In 1935 the Fox Film Corporation merged with Darryl Zancuck’s 20th Century Pictures
to become 20th Century-Fox, with Zanuck as it’s president. They then moved the company
from Fox’s Western Blvd. headquarters to the Fox Ranch in West L.A., at 10201 W. Pico
Blvd., which
is where 20th Century-Fox is still located (although all of what is now
the development, Century City, used to be part of it). The Fox Film
Laboratory, located a block away from their original location on
Western Ave., at 1377 Serrano St., then became the 20th Century-Fox
Laboratory, which then finally became Deluxe Labs, which is still there in the same place.
In 1937, with the enormous success of the first animated feature-film, Snow White and
the Seven Dwarfs, the Disney brothers relocated to a 51-acre lot in Burbank at 500 S. Buena
Vista St., and changed their name to Walt Disney Productions.
So, by 1937 every Hollywood studio had finally arrived at its proper place. This is
where they would all remain for at least the next 20 to 30 years. Some of the studios, like
Paramount, 20thCentury-Fox, Universal, Warner Bros. and Disney, are all still in those same
places.
In 1948 Howard Hughes, who had been independently producing movies since 1927
(such asHell’s Angels in 1930, and Scarface in 1932, with his production company, Howard
Hughes Productions, located on the RKO-Pathè lot, although he himself had an office at
Samuel Goldwyn Studio), bought the controlling interest in RKO Pictures for $9 million, then
began accumulating the rest of the stock cheaply. Hughes owned the studio from 1948 to
1954, managed to lose $40 million, then sold the studio at a $10 million profit, due to the
advent of television and the value of the studio’s film library. The purchasers of the studio
(MGM bought the film library) were Lucille Ball and Desi Arnaz, who in 1954 were in the
midst of their huge hit TV series, I Love Lucy, and they turned RKO into Desilu Studios. In
this deal they also acquired the RKO-Pathè lot.

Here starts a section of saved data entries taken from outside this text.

Lemma wload_variance_le i :
  \sum_t (ptask e s x (x t) i - ptask e s x (x t) i ^+ 2) <= outflow i + inflow i.
Proof.
rewrite (sum_over_tasks x (fun a => ptask e s x a i - ptask e s x a i ^+ 2)).
rewrite (bigD1 i) //= /ptask eqxx.
rewrite inflowE outflowE.
have w_ge0 a : 0 <= wload R x a by rewrite ler0n.
apply: lerD.
  apply: ler_wpM2l => //; set q := \sum_(k | k != i) _.
  by have := sqr_ge0 q; lra.
apply: ler_sum => a; rewrite eq_sym => /negbTE->; apply: ler_wpM2l => //.
by have := sqr_ge0 (pmove e s x a i); lra.
Qed.

Lemma flow_eq0 a k : ~~ e a k -> flow a k = 0.
Proof. by rewrite /flow /pmove => /negbTE->; rewrite mulr0. Qed.

Lemma flowE a k : flow a k =
  if e a k && (1 / s k < load s x a - load s x k)
  then (load s x a - load s x k) / (alpha s * (dij e a k)%:R * (1 / s a + 1 / s k)) else 0.
Proof.
rewrite /flow /pmove; case: ifP => [/andP[eak lt_load]|_]; last exact: mulr0.
have sa := s_gt0 a; have sk := s_gt0 k.
have w_neq0 : wload R x a != 0.
  apply: contraTneq lt_load => w0; rewrite {1}/load w0 mul0r -leNgt.
  have : 0 <= load s x k by rewrite divr_ge0 ?ler0n ?ltW.
  have : 0 < 1 / s k by rewrite divr_gt0.
  lra.
have deg_gt0 : (0 < deg e a)%N by apply/card_gt0P; exists k; rewrite inE.
have dij_gt0 : (0 < dij e a k)%N by rewrite (leq_trans deg_gt0) ?leq_maxl.
field; rewrite w_neq0 !pnatr_eq0 -!lt0n deg_gt0 dij_gt0 !gt_eqF //.
by rewrite addr_gt0.
Qed.

Lemma flow_ge0 a k : 0 <= flow a k.
Proof.
rewrite flowE; case: ifP => // /andP[_ lt_load].
have sa := s_gt0 a; have sk := s_gt0 k.
have D_gt0 : 0 < load s x a - load s x k by apply: lt_trans lt_load; rewrite divr_gt0.
have u_gt0 : 0 < 1 / s a + 1 / s k by rewrite addr_gt0 ?divr_gt0.
apply: divr_ge0 (ltW D_gt0) _; apply: mulr_ge0 (ltW u_gt0).
exact: mulr_ge0 (ltW alpha_gt0) (ler0n _ _).
Qed.

Lemma net_flow_sqr_le i :
  (inflow i - outflow i) ^+ 2 <= (deg e i)%:R * \sum_j (flow j i ^+ 2 + flow i j ^+ 2).
Proof.
pose A := [set j | e i j].
have off_A (F : R -> R -> R) :
    (forall j, ~~ e i j -> F (flow j i) (flow i j) = 0) ->
    \sum_j F (flow j i) (flow i j) = \sum_(j in A) F (flow j i) (flow i j).
  move=> F0; rewrite [LHS](bigID (mem A)) /= [X in _ + X]big1 ?addr0 // => j.
  by rewrite inE; apply: F0.
have flow_off j : ~~ e i j -> flow j i = 0 /\ flow i j = 0.
  by move=> nij; rewrite !flow_eq0 // e_sym.
rewrite /inflow /outflow -sumrB.
rewrite (off_A (fun u v => u - v)) => [|j /flow_off[-> ->]]; last exact: subr0.
rewrite (off_A (fun u v => u ^+ 2 + v ^+ 2)) => [|j /flow_off[-> ->]]; last by rewrite expr0n addr0.
apply: le_trans (sqr_sum_le_card _ _) _; rewrite /deg -/A.
apply: ler_wpM2l; first exact: ler0n.
apply: ler_sum => j _; have := flow_ge0 j i; have := flow_ge0 i j; nra.
Qed.

Lemma sum_net_flow_sqr_le :
  \sum_i (inflow i - outflow i) ^+ 2 / s i <=
  \sum_i \sum_j flow i j ^+ 2 * ((dij e i j)%:R * (1 / s i + 1 / s j)).
Proof.
pose c i := (deg e i)%:R / s i.
apply: le_trans (_ : \sum_i (\sum_k flow i k ^+ 2 + \sum_a flow a i ^+ 2) * c i <= _).
  apply: ler_sum => i _; rewrite -big_split /= [leRHS]mulrC /c [leRHS]mulrAC.
  apply: ler_wpM2r; first by rewrite invr_ge0 ltW.
  by under eq_bigr do rewrite addrC; exact: net_flow_sqr_le.
rewrite [leLHS](sum_weighted_out_in (fun i j => flow i j ^+ 2) c).
apply: ler_sum => i _; apply: ler_sum => j _.
apply: ler_wpM2l; first exact: sqr_ge0.
rewrite mulrDr /c !mulrA !mulr1.
have s_inv_ge0 k : 0 <= (s k)^-1 by rewrite invr_ge0 ltW.
by apply: lerD; apply: ler_wpM2r; rewrite // ler_nat ?leq_maxl ?leq_maxr.
Qed.

Lemma exp_dropE :
  exp_drop e s x = Psi0 s x - \sum_i ((\sum_t ptask e s x (x t) i - m%:R * s i / Stot s) ^+ 2
    + \sum_t (ptask e s x (x t) i - ptask e s x (x t) i ^+ 2)) / s i.
Proof.
have p_sum1 t : \sum_j ptask e s x (x t) j = 1 by exact: ptask_sum1.
change (exp_drop e s x) with (expect (fun t => ptask e s x (x t)) (fun y => Psi0 s x - Psi0 s y)).
by rewrite expectB expect_cst // expect_Psi0.
Qed.

Lemma exp_drop_ge_net_flow :
  \sum_i (2 * (m%:R / Stot s - load s x i) * (inflow i - outflow i)
    - (inflow i - outflow i) ^+ 2 / s i - (outflow i + inflow i) / s i) <= exp_drop e s x.
Proof.
rewrite exp_dropE /Psi0 -sumrB; apply: ler_sum => i _.
rewrite expected_wload; have := wload_variance_le i.
set V := \sum_t _; set w := wload R x i; set o := outflow i; set a := inflow i.
rewrite [m%:R * s i / _]mulrAC; set K := m%:R / Stot s.
have si_neq0 : s i != 0 by rewrite gt_eqF.
move=> V_le; rewrite -subr_ge0 /load -/w.
rewrite [X in 0 <= X](_ : _ = (o + a - V) / s i); last by field.
by rewrite divr_ge0 ?subr_ge0 // ltW.
Qed.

In 1968, with the great success of his film The Dirty Dozen, Robert Aldrich purchased
the old Oliver Morosco Photoplay Studio, that had been Famous Players-Lasky-Morosco, and
it now became The Aldrich Company. He went bankrupt in 1973.

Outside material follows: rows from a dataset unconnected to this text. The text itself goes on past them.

Definition heis : grp := Grp heis_mulA heis_mul1 heis_mulV.

Lemma triu_outer0l v : triu_outer 0 v = 0.
Proof. by apply/matrixP => i j; rewrite !mxE mul0r mulr0. Qed.

Lemma triu_outer0r u : triu_outer u 0 = 0.
Proof. by apply/matrixP => i j; rewrite !mxE !mulr0. Qed.

Lemma triu_outer_delta (i j : 'I_n) :
  triu_outer (delta_mx 0 i) (delta_mx 0 j) = (i < j)%N%:R *: delta_mx i j.
Proof.
apply/matrixP => a b; rewrite !mxE /=.
by have [->|_] := eqVneq a i; have [->|_] := eqVneq b j; rewrite ?(mulr0, mul0r, mulr1).
Qed.

Lemma heis_commE (x y : heis) :
  gcomm x y = (0, triu_outer x.1 y.1 - triu_outer y.1 x.1).
Proof. by rewrite /gcomm /=; congr pair; apply/matrixP => i j; rewrite !mxE; ring. Qed.

Lemma heis_mul_centralr (x : heis) q : gmul x ((0, q) : heis) = (x.1, x.2 + q).
Proof. by congr pair; apply/matrixP => i j; rewrite !mxE; ring. Qed.

Lemma heis_mul_central (x : heis) q : gmul x ((0, q) : heis) = gmul ((0, q) : heis) x.
Proof. by congr pair; apply/matrixP => i j; rewrite !mxE; ring. Qed.

End Heisenberg.

Section GroupAlgebra.
Variables (R : comNzRingType) (V : finZmodType).

(* Only the module structure of {ffun V -> R^o} is copied: its canonical ring
   structure is the pointwise one, while galg gets the convolution product. *)
Definition galg := {ffun V -> R^o}.
HB.instance Definition _ := GRing.Lmodule.copy galg {ffun V -> R^o}.

Implicit Types f g h : galg.

Definition galg_mul f g : galg := [ffun v => \sum_u f u * g (v - u)].
Definition galg_one : galg := [ffun v => (v == 0)%:R].

Lemma galg_mulA : associative galg_mul.
Proof.
move=> f g h; apply/ffunP => v; rewrite !ffunE.
under eq_bigr => u _ do rewrite ffunE big_distrr (reindex_inj (subIr u)) /=.
under [RHS]eq_bigr => u _ do rewrite ffunE big_distrl.
rewrite exchange_big /=; apply: eq_bigr => u _; apply: eq_bigr => w _.
by rewrite mulrA opprB addrA subrK.
Qed.

Lemma galg_mulC : commutative galg_mul.
Proof.
move=> f g; apply/ffunP => v; rewrite !ffunE (reindex_inj (subrI v)) /=.
by apply: eq_bigr => u _; rewrite subKr mulrC.
Qed.

Lemma galg_mul1 : left_id galg_one galg_mul.
Proof.
move=> f; apply/ffunP => v; rewrite ffunE (bigD1 0) //= big1 => [|u /negbTE u0].
  by rewrite ffunE eqxx mul1r subr0 addr0.
by rewrite ffunE u0 mul0r.
Qed.

Lemma galg_mulDl : left_distributive galg_mul +%R.
Proof.
move=> f g h; apply/ffunP => v; rewrite !ffunE -big_split /=.
by apply: eq_bigr => u _; rewrite ffunE mulrDl.
Qed.

Lemma galg_one_neq0 : galg_one != 0.
Proof. by apply/eqP => /ffunP/(_ 0)/eqP; rewrite !ffunE eqxx oner_eq0. Qed.

HB.instance Definition _ := GRing.Zmodule_isComNzRing.Build galg
  galg_mulA galg_mulC galg_mul1 galg_mulDl galg_one_neq0.

Lemma galg_scaleE (a : R) f v : (a *: f) v = a * f v.
Proof. by rewrite ffunE. Qed.

Lemma galg_scalerAl (a : R) f g : a *: (f * g) = (a *: f) * g.
Proof.
apply/ffunP => v; rewrite galg_scaleE !ffunE big_distrr /=.
by apply: eq_bigr => u _; rewrite galg_scaleE mulrA.
Qed.

HB.instance Definition _ := GRing.Lmodule_isLalgebra.Build R galg galg_scalerAl.
HB.instance Definition _ := GRing.Lalgebra_isComAlgebra.Build R galg.

Lemma galg_mulE f g v : (f * g) v = \sum_u f u * g (v - u).
Proof. by rewrite ffunE. Qed.

Lemma galg_oneE v : (1 : galg) v = (v == 0)%:R.
Proof. by rewrite ffunE. Qed.

Lemma pchar_galg p : p \in [pchar R] -> p \in [pchar galg].
Proof. by rewrite !inE => /andP[-> /eqP p0]; rewrite -scaler_nat p0 scale0r eqxx. Qed.

Definition gelt u : galg := [ffun v => (v == u)%:R].

Lemma geltE u v : gelt u v = (v == u)%:R.
Proof. by rewrite ffunE. Qed.

Lemma gelt0 : gelt 0 = 1.
Proof. by apply/ffunP => v; rewrite galg_oneE. Qed.

Lemma mul_geltE u f v : (gelt u * f) v = f (v - u).
Proof.
rewrite galg_mulE (bigD1 u) //= big1 => [|w /negbTE wu].
  by rewrite geltE eqxx mul1r addr0.
by rewrite geltE wu mul0r.
Qed.

Lemma geltD u w : gelt u * gelt w = gelt (u + w).
Proof. by apply/ffunP => v; rewrite mul_geltE !geltE subr_eq addrC. Qed.

Definition tau u := gelt u + 1.

Lemma mul_tauE u f v : (tau u * f) v = f (v - u) + f v.
Proof. by rewrite mulrDl mul1r ffunE mul_geltE. Qed.

Section Char2.
Hypotheses (R2 : 2 \in [pchar R]) (V2 : forall v : V, v + v = 0).

Lemma tau0 : tau 0 = 0.
Proof. by rewrite /tau gelt0 (addrr_pchar2 (pchar_galg R2)). Qed.

Lemma tau_sqr u : tau u * tau u = 0.
Proof.
rewrite mulrDl !mulrDr geltD V2 gelt0 !mulr1 mul1r [gelt u + 1]addrC.
exact: (addrr_pchar2 (pchar_galg R2)).
Qed.

End Char2.
End GroupAlgebra.

Section FormalSums.
Variables (F : fieldType) (G : grp).
Implicit Types (x : fs F G) (g h : G).

Lemma gdecP g h : reflect (g = h) (gdec g h).
Proof. by rewrite /gdec; case: excluded_middle_informative => gh; constructor. Qed.

HB.instance Definition _ := hasDecEq.Build G gdecP.

Lemma gdecE g h : gdec g h = (g == h).
Proof. by []. Qed.

Section Linear.
Variables (V : lmodType F) (chi : G -> V).

Definition fs_lin x : V := \sum_(p <- x) p.1 *: chi p.2.

Lemma fs_lin_add x x' : fs_lin (fs_add x x') = fs_lin x + fs_lin x'.
Proof. exact: big_cat. Qed.

Lemma fs_lin_scale c x : fs_lin (fs_scale c x) = c *: fs_lin x.
Proof.
by rewrite /fs_lin big_map scaler_sumr; apply: eq_bigr => p _; rewrite scalerA.
Qed.

Lemma fs_lin_flatten xs : fs_lin (flatten xs) = \sum_(x <- xs) fs_lin x.
Proof. exact: big_flatten. Qed.

Lemma fs_lin_of g : fs_lin (fs_of F g) = chi g.
Proof. by rewrite /fs_lin big_seq1 scale1r. Qed.

Lemma fs_lin_coef x (S : seq G) : uniq S -> {subset unzip2 x <= S} ->
  fs_lin x = \sum_(z <- S) fs_coef x z *: chi z.
Proof.
move=> uS xS; rewrite /fs_lin /fs_coef.
under [RHS]eq_bigr do rewrite scaler_suml.
rewrite exchange_big /=; apply: eq_big_seq => p px.
rewrite (bigD1_seq p.2) ?xS ?map_f //= gdecE eqxx big1 ?addr0 // => z zp.
by rewrite gdecE eq_sym (negbTE zp) scale0r.
Qed.

Lemma fs_lin_eq x x' : fs_eq x x' -> fs_lin x = fs_lin x'.
Proof.
move=> eqx; set S := undup (unzip2 (x ++ x')).
have [xS x'S] : {subset unzip2 x <= S} /\ {subset unzip2 x' <= S}.
  by split=> z zx; rewrite mem_undup /unzip2 map_cat mem_cat zx ?orbT.
rewrite (fs_lin_coef (undup_uniq _) xS) (fs_lin_coef (undup_uniq _) x'S).
by apply: eq_bigr => z _; rewrite eqx.
Qed.

Lemma fs_lin_in_I (y : nat -> G) x :
  (forall g h a b c d, (0 < a)%N -> (0 < b)%N -> (0 < c)%N -> (0 < d)%N ->
     fs_lin (fs_mul (fs_mul (fs_of F g) (Igen F y a b c d)) (fs_of F h)) = 0) ->
  in_I y x -> fs_lin x = 0.
Proof.
move=> lin0 [L [Lpos /fs_lin_eq ->]].
rewrite fs_lin_flatten big_map big1_seq // => t /andP[_ /(allP Lpos)].
by case/and4P => *; rewrite fs_lin_scale lin0 ?scaler0.
Qed.

End Linear.

Section Multiplicative.
Variables (A : algType F) (chi : G -> A) (Z : pred G).
Hypothesis ZM : forall g h, Z g -> Z h -> Z (gmul g h).
Hypothesis chi_central :
  forall g h z, Z z -> chi (gmul (gmul g z) h) = chi (gmul g h) * chi z.

Lemma chi_mulr g z : Z z -> chi (gmul g z) = chi g * chi z.
Proof. by move=> Zz; rewrite -[gmul g z]gmulg1 chi_central // gmulg1. Qed.

Lemma all_fs_mul x x' :
  all (Z \o snd) x -> all (Z \o snd) x' -> all (Z \o snd) (fs_mul x x').
Proof.
move=> /allP Zx /allP Zx'; apply/allP => _ /allpairsP[[p q] [px qx ->]] /=.
exact: ZM (Zx _ px) (Zx' _ qx).
Qed.

Lemma fs_lin_mulr x x' : all (Z \o snd) x' ->
  fs_lin chi (fs_mul x x') = fs_lin chi x * fs_lin chi x'.
Proof.
move=> /allP Zx'; rewrite /fs_lin big_allpairs_dep mulr_suml; apply: eq_bigr => p _.
rewrite mulr_sumr; apply: eq_big_seq => q qx' /=.
rewrite chi_mulr; last exact: Zx'.
by rewrite -scalerAl -scalerAr scalerA.
Qed.

Lemma fs_lin_sandwich g h r : all (Z \o snd) r ->
  fs_lin chi (fs_mul (fs_mul (fs_of F g) r) (fs_of F h)) = chi (gmul g h) * fs_lin chi r.
Proof.
move=> /allP Zr; rewrite /fs_mul allpairs1l allpairs1r /fs_lin !big_map mulr_sumr.
apply: eq_big_seq => q qr /=.
rewrite mul1r mulr1 chi_central; last exact: Zr.
by rewrite scalerAr.
Qed.

End Multiplicative.
End FormalSums.

Lemma big_nat_double (R : Type) (idx : R) (op : Monoid.law idx) (F : nat -> R) l :
  \big[op/idx]_(0 <= k < l) op (F k.*2) (F k.*2.+1) = \big[op/idx]_(0 <= i < l.*2) F i.
Proof.
elim: l => [|l IH]; first by rewrite !big_geq.
by rewrite doubleS !big_nat_recr //= IH Monoid.mulmA.
Qed.

Lemma oppmx_F2 m p (M : 'M['F_2]_(m, p)) : - M = M.
Proof. by apply/matrixP => i j; rewrite mxE (oppr_pchar2 (pchar_Fp (isT : prime 2))). Qed.

Lemma addmx_F2 m p (M : 'M['F_2]_(m, p)) : M + M = 0.
Proof. by rewrite -{1}(oppmx_F2 M) addNr. Qed.

Lemma F2_cases (x : 'F_2) : x = 0 \/ x = 1.
Proof. by case: x => [[|[|//]] ?]; [left | right]; apply/val_inj. Qed.

Lemma exprF2D (R : nzRingType) (m : R) (x y : 'F_2) :
  m * m = 1 -> m ^+ (x + y)%R = m ^+ x * m ^+ y.
Proof.
by case: x y => [[|[|//]] ?] [[|[|//]] ?] mm /=; rewrite ?mulr1 ?mul1r ?expr0 ?expr1.
Qed.

Section CentreRepresentation.
Variables (n : nat) (F : fieldType).
Hypothesis F2 : 2 \in [pchar F].

Local Notation W := 'rV['F_2]_n.
Local Notation A := (galg F W).
Local Notation H := (heis 'F_2 n).

Let A2 : 2 \in [pchar A] := pchar_galg W F2.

In 1975, at the peak of his career, Francis Ford Coppola purchased Hollywood General
Studio at 1040 N. Las Palmas, smack in the center of Hollywood, and named it American
Zoetrope Studio. This facility had been there since 1919, and had existed under various
names, such as: Jasper Hollywood, Metropolitan Pictures, and Educational Pictures. After the
release of the notoriously expensive box office failure, One From the Heart, as well
as Hammett and Rumble Fish, Coppola and American Zoetrope went bankrupt and vacated
the premises in 1983. Brothers Ridley and Tony Scott had their offices there in the 1980s.
Francis Coppola and American Zoetrope are still in business, but are now located in San
Francisco, where they had originally started. The studio in Hollywood on Las Palmas has
become Hollywood Center Studios.
Since 1975, most of the Hollywood studios have changed hands numerous times. The
Sony Corporation owns Sony Pictures, Columbia Pictures, and Columbia Tri-Star (and is
located on the old Triangle/MGM lot); Rupert Murdoch’s News Corp. owns 20th Century-Fox;
Paramount is owned by Viacom; MGM and UA (which merged) are both owned by Kirk
Kerkorian (neither has studio facilities anymore); Warner Brothers is now part of the TimeWarner-AOL conglomerate; Universal is now a subsidiary of the NBC Universal; the Walt
Disney Company owns Walt Disney Pictures, Hollywood Pictures, Touchstone Pictures, and
Miramax.
And that’s pretty much where all the Hollywood studios stand, for the time being.